У него, у Ильки, было превосходное настроение — вот уж в точности ясно. Даже ясней ясного: передых, а после, чтоб нагнать передовые части, нас подкинут на машинах, иначе мы на своих костылях их не нагоним. Передовые части должны продвигаться. Хотя канонада гремит как будто на одном месте. Не исключено, что немцы зацепились. Будущее покажет. Итак, передых.

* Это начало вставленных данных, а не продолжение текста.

(* (S, I) : R -> R is a solution on [0, +oo) of the impulsive system
     S' = S (A - S) - beta0 I S,   I' = beta0 I S - (sigma + g) I   (t <> nT),
     S(nT) = (1 - p) S(nT^-),      I(nT) = I(nT^-),   n = 1, 2, ...
   Solutions are right-continuous at the impulse times (and at t = 0),
   have left limits at the impulse times, and satisfy the ODE at every
   t > 0 which is not an impulse time. *)
Definition impulsive_solution (A beta0 sigma g p T : R) (S I : R -> R) : Prop :=
  (forall t, 0 < t -> (forall n : nat, t <> INR n * T) ->
     is_derive S t (S t * (A - S t) - beta0 * I t * S t) /\
     is_derive I t (beta0 * I t * S t - (sigma + g) * I t)) /\
  (forall n : nat,
     filterlim S (at_right (INR n * T)) (locally (S (INR n * T))) /\
     filterlim I (at_right (INR n * T)) (locally (I (INR n * T)))) /\
  (forall n : nat, (1 <= n)%nat ->
     (exists l : R, filterlim S (at_left (INR n * T)) (locally l) /\
                    S (INR n * T) = (1 - p) * l) /\
     filterlim I (at_left (INR n * T)) (locally (I (INR n * T)))).

From Stdlib Require Import Reals Lra Lia.
From Coquelicot Require Import Coquelicot.
Open Scope R_scope.

(* Between two impulse times the solution is differentiable, and each of [-I],
   [-S] and [S + I - K], where [K = A (sigma + g + A) / (sigma + g)], stays
   nonpositive by a comparison argument: [-I] and [-S] satisfy linear equations
   [y' = c y] with [c] locally bounded above, and where [S + I > K], since
   [0 <= S <= A],
     (S + I)' = S (A - S) - (sigma + g) I < S (A + sigma + g - S) - A (sigma + g + A) <= 0.
   At an impulse time the left limits still lie in the closed region M, and
   scaling [S] by [1 - p] keeps them there; induction over the periods concludes. *)

Lemma at_right_interval (t0 b : R) : t0 < b -> at_right t0 (fun t => t0 < t < b).
Proof.
  intros Hb. exists (mkposreal (b - t0) ltac:(lra)).
  intros t Hball Ht. change (Rabs (t - t0) < b - t0) in Hball.
  apply Rabs_def2 in Hball. lra.
Qed.

Lemma at_left_interval (a t0 : R) : a < t0 -> at_left t0 (fun t => a < t < t0).
Proof.
  intros Ha. exists (mkposreal (t0 - a) ltac:(lra)).
  intros t Hball Ht. change (Rabs (t - t0) < t0 - a) in Hball.
  apply Rabs_def2 in Hball. lra.
Qed.

Lemma filterlim_Rplus {T : Type} {F : (T -> Prop) -> Prop} {FF : Filter F}
  (f h : T -> R) (l m : R) :
  filterlim f F (locally l) -> filterlim h F (locally m) ->
  filterlim (fun x => f x + h x) F (locally (l + m)).
Proof.
  intros Hf Hh. apply (filterlim_comp_2 f h Rplus Hf Hh (filterlim_plus l m)).
Qed.

Lemma lim_ge_of_eventually {T : Type} {F : (T -> Prop) -> Prop} {FF : ProperFilter F}
  (f : T -> R) (c l : R) :
  F (fun x => c <= f x) -> filterlim f F (locally l) -> c <= l.
Proof. intros Hev Hf. exact (filterlim_le _ f c l Hev (filterlim_const c) Hf). Qed.

Lemma lim_le_of_eventually {T : Type} {F : (T -> Prop) -> Prop} {FF : ProperFilter F}
  (f : T -> R) (c l : R) :
  F (fun x => f x <= c) -> filterlim f F (locally l) -> l <= c.
Proof. intros Hev Hf. exact (filterlim_le f _ l c Hev Hf (filterlim_const c)). Qed.

Lemma right_continuous_of_derive (y dy : R -> R) (a b : R) :
  (forall t, a < t < b -> is_derive y t (dy t)) ->
  filterlim y (at_right a) (locally (y a)) ->
  forall t0, a <= t0 < b -> filterlim y (at_right t0) (locally (y t0)).
Proof.
  intros Hd Ha t0 Ht0.
  destruct (Req_dec t0 a) as [-> | Hne]; [exact Ha |].
  apply (filterlim_filter_le_1 y (filter_le_within _)).
  apply (ex_derive_continuous (K := R_AbsRing) (V := R_NormedModule)).
  exists (dy t0). apply Hd. lra.
Qed.

Lemma nonincreasing_of_derive_nonpos (f df : R -> R) (u v : R) :
  u <= v ->
  (forall x, u <= x <= v -> is_derive f x (df x)) ->
  (forall x, u <= x <= v -> df x <= 0) ->
  f v <= f u.
Proof.
  intros Huv Hd Hneg.
  destruct (MVT_gen f u v df) as [c [Hc Hmvt]];
    rewrite ?Rmin_left, ?Rmax_right in * by lra.
  - intros x Hx. apply Hd. lra.
  - intros x Hx. apply continuity_pt_filterlim.
    apply (ex_derive_continuous (K := R_AbsRing) (V := R_NormedModule)).
    exists (df x). apply Hd. exact Hx.
  - specialize (Hneg c Hc). nra.
Qed.

Lemma gronwall_backward (y dy : R -> R) (L t s : R) :
  t <= s ->
  (forall x, t <= x <= s -> is_derive y x (dy x)) ->
  (forall x, t <= x <= s -> dy x <= L * y x) ->
  y s * exp (L * (t - s)) <= y t.
Proof.
  intros Hts Hd Hlin.
  set (z := fun x => y x * exp (- L * x)).
  assert (Hz : z s <= z t).
  { apply (nonincreasing_of_derive_nonpos z
             (fun x => (dy x - L * y x) * exp (- L * x)) t s Hts).
    - intros x Hx. unfold z.
      assert (He : is_derive (fun x => exp (- L * x)) x (- L * exp (- L * x)))
        by (auto_derive; [exact I | ring]).
      replace ((dy x - L * y x) * exp (- L * x))
        with (dy x * exp (- L * x) + y x * (- L * exp (- L * x))) by ring.
      apply (is_derive_mult y _ x _ _ (Hd x Hx) He). intros; apply Rmult_comm.
    - intros x Hx. specialize (Hlin x Hx). pose proof (exp_pos (- L * x)). nra. }
  unfold z in Hz.
  assert (Hs : exp (- L * s) * exp (L * t) = exp (L * (t - s)))
    by (rewrite <- exp_plus; f_equal; ring).
  assert (Ht : exp (- L * t) * exp (L * t) = 1)
    by (rewrite <- exp_plus, <- exp_0; f_equal; ring).
  pose proof (exp_pos (L * t)).
  apply (Rmult_le_compat_r (exp (L * t))) in Hz; [| lra].
  rewrite !Rmult_assoc, Hs, Ht, Rmult_1_r in Hz. exact Hz.
Qed.

Lemma last_nonpos_before (y : R -> R) (a t1 : R) :
  a < t1 -> y a <= 0 -> 0 < y t1 ->
  (forall t, a < t <= t1 -> continuous y t) ->
  exists t0, a <= t0 < t1 /\ y t0 <= 0 /\ forall t, t0 < t <= t1 -> 0 < y t.
Proof.
  intros Hat1 Hya Hy1 Hc.
  set (E := fun x => a <= x <= t1 /\ y x <= 0).
  destruct (completeness E) as [t0 [Hub Hlub]].
  { exists t1. intros x [Hx _]. lra. }
  { exists a. split; lra. }
  assert (Hat0 : a <= t0) by (apply Hub; split; lra).
  assert (Ht0t1 : t0 <= t1) by (apply Hlub; intros x [Hx _]; lra).
  assert (Hpos : forall t, t0 < t <= t1 -> 0 < y t).
  { intros t Ht. destruct (Rlt_le_dec 0 (y t)) as [| Hn]; [assumption |].
    assert (t <= t0) by (apply Hub; split; lra). lra. }
  assert (Hy0 : y t0 <= 0).
  { destruct (Rle_lt_dec (y t0) 0) as [| Hn]; [assumption | exfalso].
    assert (Hne : t0 <> a) by (intros ->; lra).
    destruct (Hc t0 ltac:(lra) _ (open_gt 0 (y t0) Hn)) as [d Hd].
    assert (t0 <= t0 - d); [| pose proof (cond_pos d); lra].
    apply Hlub. intros x [Hx Hyx].
    destruct (Rle_lt_dec x (t0 - d)) as [| Hxd]; [assumption | exfalso].
    assert (Hxt0 : x <= t0) by (apply Hub; split; assumption).
    assert (0 < y x); [| lra].
    apply Hd. change (Rabs (x - t0) < d). apply Rabs_def1; lra. }
  exists t0. split; [| split]; try assumption.
  split; [assumption |]. destruct (Req_dec t0 t1) as [-> | ]; lra.
Qed.

(* Past the last point [t0] where [y <= 0], Gronwall's inequality keeps [y]
   bounded away from [0] on a right neighbourhood of [t0], contradicting
   right-continuity at [t0]. *)
Lemma nonpos_of_local_linear_bound (y dy : R -> R) (a b : R) :
  (forall t, a < t < b -> is_derive y t (dy t)) ->
  filterlim y (at_right a) (locally (y a)) -> y a <= 0 ->
  (forall t0, a <= t0 < b -> exists L, 0 <= L /\
     at_right t0 (fun t => 0 < y t -> dy t <= L * y t)) ->
  forall t, a <= t < b -> y t <= 0.
Proof.
  intros Hd Ha Hya Hloc t1 Ht1.
  destruct (Rle_lt_dec (y t1) 0) as [| Hy1]; [assumption | exfalso].
  assert (Hat1 : a < t1) by (destruct (Req_dec t1 a) as [-> |]; lra).
  destruct (last_nonpos_before y a t1) as [t0 [Ht0 [Hy0 Hpos]]]; try assumption.
  { intros t Ht. apply (ex_derive_continuous (K := R_AbsRing) (V := R_NormedModule)).
    exists (dy t). apply Hd. lra. }
  destruct (Hloc t0 ltac:(lra)) as [L [HL Hlin]].
  destruct (filter_and _ _ (at_right_interval t0 t1 (proj2 Ht0)) Hlin) as [d Hd0].
  set (s := t0 + Rmin d (t1 - t0) / 2).
  assert (Hmin : 0 < Rmin d (t1 - t0)) by (apply Rmin_pos; [apply cond_pos | lra]).
  pose proof (Rmin_l d (t1 - t0)). pose proof (Rmin_r d (t1 - t0)).
  assert (Hnear : forall t, t0 < t <= s ->
            t < t1 /\ is_derive y t (dy t) /\ dy t <= L * y t).
  { intros t Ht.
    assert (Hball : ball t0 d t)
      by (change (Rabs (t - t0) < d); apply Rabs_def1; unfold s in Ht; lra).
    destruct (Hd0 t Hball (proj1 Ht)) as [Htt1 Hlt].
    split; [lra | split]; [apply Hd; lra | apply Hlt, Hpos; lra]. }
  set (m := y s * exp (L * (t0 - s))).
  assert (Hm : 0 < m)
    by (apply Rmult_lt_0_compat; [apply Hpos; unfold s; lra | apply exp_pos]).
  assert (Hlow : forall t, t0 < t <= s -> m <= y t).
  { intros t Ht.
    assert (Hgr : y s * exp (L * (t - s)) <= y t)
      by (apply (gronwall_backward y dy); try lra; intros x Hx; apply Hnear; lra).
    assert (exp (L * (t0 - s)) <= exp (L * (t - s))).
    { destruct (Req_dec L 0) as [-> | ]; [rewrite !Rmult_0_l; lra |].
      left. apply exp_increasing. nra. }
    assert (0 < y s) by (apply Hpos; unfold s; lra).
    unfold m. nra. }
  assert (Hlim : m <= y t0).
  { apply (lim_ge_of_eventually (F := at_right t0) y).
    - apply (filter_imp (fun t => t0 < t < s)).
      + intros t Ht. apply Hlow. lra.
      + apply at_right_interval. unfold s. lra.
    - apply (right_continuous_of_derive y dy a b Hd Ha). lra. }
  lra.
Qed.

Что там Фуки! Макеевские гаврики и те возликовали, услыхав про второй эшелон. Они обступили Макеева, взбудораженные, радостные, а он не разделял их чувств. Ну, допустим: передохнуть не грех, марш повымотал, ему, прихворнувшему, доставалось, считай, поболе прочих. А все-таки не забудем, что в принципе всем нам надо спешить на запад. Или вмиг забыли? Или эта пауза не помешает нашему продвижению? Конечно, не помешает. И однако ж лучше бы идти. А еще лучше — заняться шалашами, как приказано. Не рассуждать — действовать. Ты солдат.

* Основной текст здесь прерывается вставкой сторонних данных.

(* For circuits $f,g:a\to b$, we have $[\![f]\!]=[\![g]\!]$ in $\mathbf{Poly}_{\mathbb{Z}_2}$ if and only if $f$ and $g$ are equal modulo $A$ (i.e. related by the smallest congruence for composition and tensor containing the equations $A$).
   Context: A circuit is a morphism of the free symmetric strict monoidal category whose objects are natural numbers (tensor = addition) generated by $\mathsf{discard}:1\to 0$, $\mathsf{copy}:1\to 2$, $\mathsf{zero}:0\to1$, $\mathsf{add}:2\to1$, $\mathsf{one}:0\to 1$, $\mathsf{and}:2\to 1$. Composition is diagrammatic ($f;g$ = first $f$ then $g$), $\sigma$ is the symmetry $2\to2$, and $\mathsf{copy}_n$, $\mathsf{discard}_n$ are the evident composites. $A$ is the set of equations: $\mathsf{copy};\sigma=\mathsf{copy}$; $\mathsf{copy};(\mathsf{copy}\otimes \mathrm{id}_1)=\mathsf{copy};(\mathrm{id}_1\otimes\mathsf{copy})$; $\mathsf{copy};(\mathsf{discard}\otimes\mathrm{id}_1)=\mathrm{id}_1$; for every circuit $f:a\to b$, $f;\mathsf{copy}_b=\mathsf{copy}_a;(f\otimes f)$ and $f;\mathsf{discard}_b=\mathsf{discard}_a$; commutativity, associativity and unit laws for $(\mathsf{add},\mathsf{zero})$ and for $(\mathsf{and},\mathsf{one})$ (e.g. $\sigma;\mathsf{add}=\mathsf{add}$, $(\mathsf{add}\otimes\mathrm{id}_1);\mathsf{add}=(\mathrm{id}_1\otimes\mathsf{add});\mathsf{add}$, $(\mathsf{zero}\otimes\mathrm{id}_1);\mathsf{add}=\mathrm{id}_1$); $\mathsf{copy};\mathsf{add}=\mathsf{discard};\mathsf{zero}$; and distributivity $(\mathrm{id}_1\otimes\mathsf{add});\mathsf{and}=(\mathsf{copy}\otimes\mathrm{id}_2);(\mathrm{id}_1\otimes\sigma\otimes\mathrm{id}_1);(\mathsf{and}\otimes\mathsf{and});\mathsf{add}$. (Notably $A$ does not contain $\mathsf{copy};\mathsf{and}=\mathrm{id}_1$.) $\mathbf{Poly}_{\mathbb{Z}_2}$ has natural numbers as objects and $b$-tuples of polynomials in $\mathbb{Z}_2[x_1,\dots,x_a]$ as morphisms $a\to b$, composed by substitution. $[\![\cdot]\!]$ is the strict symmetric monoidal identity-on-objects interpretation sending $\mathsf{discard}\mapsto\langle\rangle$, $\mathsf{copy}\mapsto\langle x_1,x_1\rangle$, $\mathsf{zero}\mapsto\langle0\rangle$, $\mathsf{add}\mapsto\langle x_1+x_2\rangle$, $\mathsf{one}\mapsto\langle1\rangle$, $\mathsf{and}\mapsto\langle x_1x_2\rangle$. *)

From HB Require Import structures.
From mathcomp Require Import all_boot all_order all_algebra.
From mathcomp Require Import mpoly.

Set Implicit Arguments.
Unset Strict Implicit.
Unset Printing Implicit Defensive.
Import GRing.Theory.

(* Raw syntax of the free symmetric strict monoidal category (objects  *)
(* = natural numbers, tensor = addition) on the six generators.        *)
(* Morphisms are these terms modulo the SSMC axioms (see [eqA]).       *)
Inductive term : nat -> nat -> Type :=
| Tid      (n : nat)   : term n n
| Tsym     (a b : nat) : term (a + b) (b + a)
| Tdiscard             : term 1 0
| Tcopy                : term 1 2
| Tzero                : term 0 1
| Tadd                 : term 2 1
| Tone                 : term 0 1
| Tand                 : term 2 1
| Tcomp (a b c : nat)  : term a b -> term b c -> term a c
| Ttens (a b c d : nat): term a b -> term c d -> term (a + c) (b + d).

Arguments Tcomp {a b c}.
Arguments Ttens {a b c d}.

Definition sigma : term 2 2 := Tsym 1 1.

Definition tcast a b a' b' (ea : a = a') (eb : b = b') (t : term a b)
  : term a' b' :=
  let: erefl in _ = a' := ea return term a' b' in
  let: erefl in _ = b' := eb return term a b' in t.

Lemma copy_cod_eq n : 1 + ((n + 1) + n) = (1 + n) + (1 + n).
Proof. rewrite !add1n addn1 addSn addnS. by []. Qed.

Шалаши разбивали там же, где был ночлег. В ход пустили лапник, на котором спали. Не хватило — еще нарубили веток. Работали с увлечением, с азартом. Втянулся и Макеев: сбросив гимнастерку, вкапывал столб, рубил лапник, укладывал ветки, связывал проволокой, невесть где добытой старшиною. Сколько простоим? Пусть и немного, но жилье соорудим понадежней.
Управились до обеда. Поэтому Макеев разрешил своим отдыхать. Кто забрался в шалаш, кто плюхнулся на травку под березой. Макеев раздумывал, чем бы ему заняться. За спиной гаркнули:
— Лейтенант Макеев, ко мне!
Он вздрогнул, показал Илье кулак. Копируя Ротного, тот во гневе раздувал ноздри, вращал белками:
— Колупаетесь, Макеев! Бегом ко мне!
— Иди к чертям, — сказал Макеев.
— Покажешь дорогу, так пойду. А еще сподручней нам туда отправиться вдвоем, к чертям-то.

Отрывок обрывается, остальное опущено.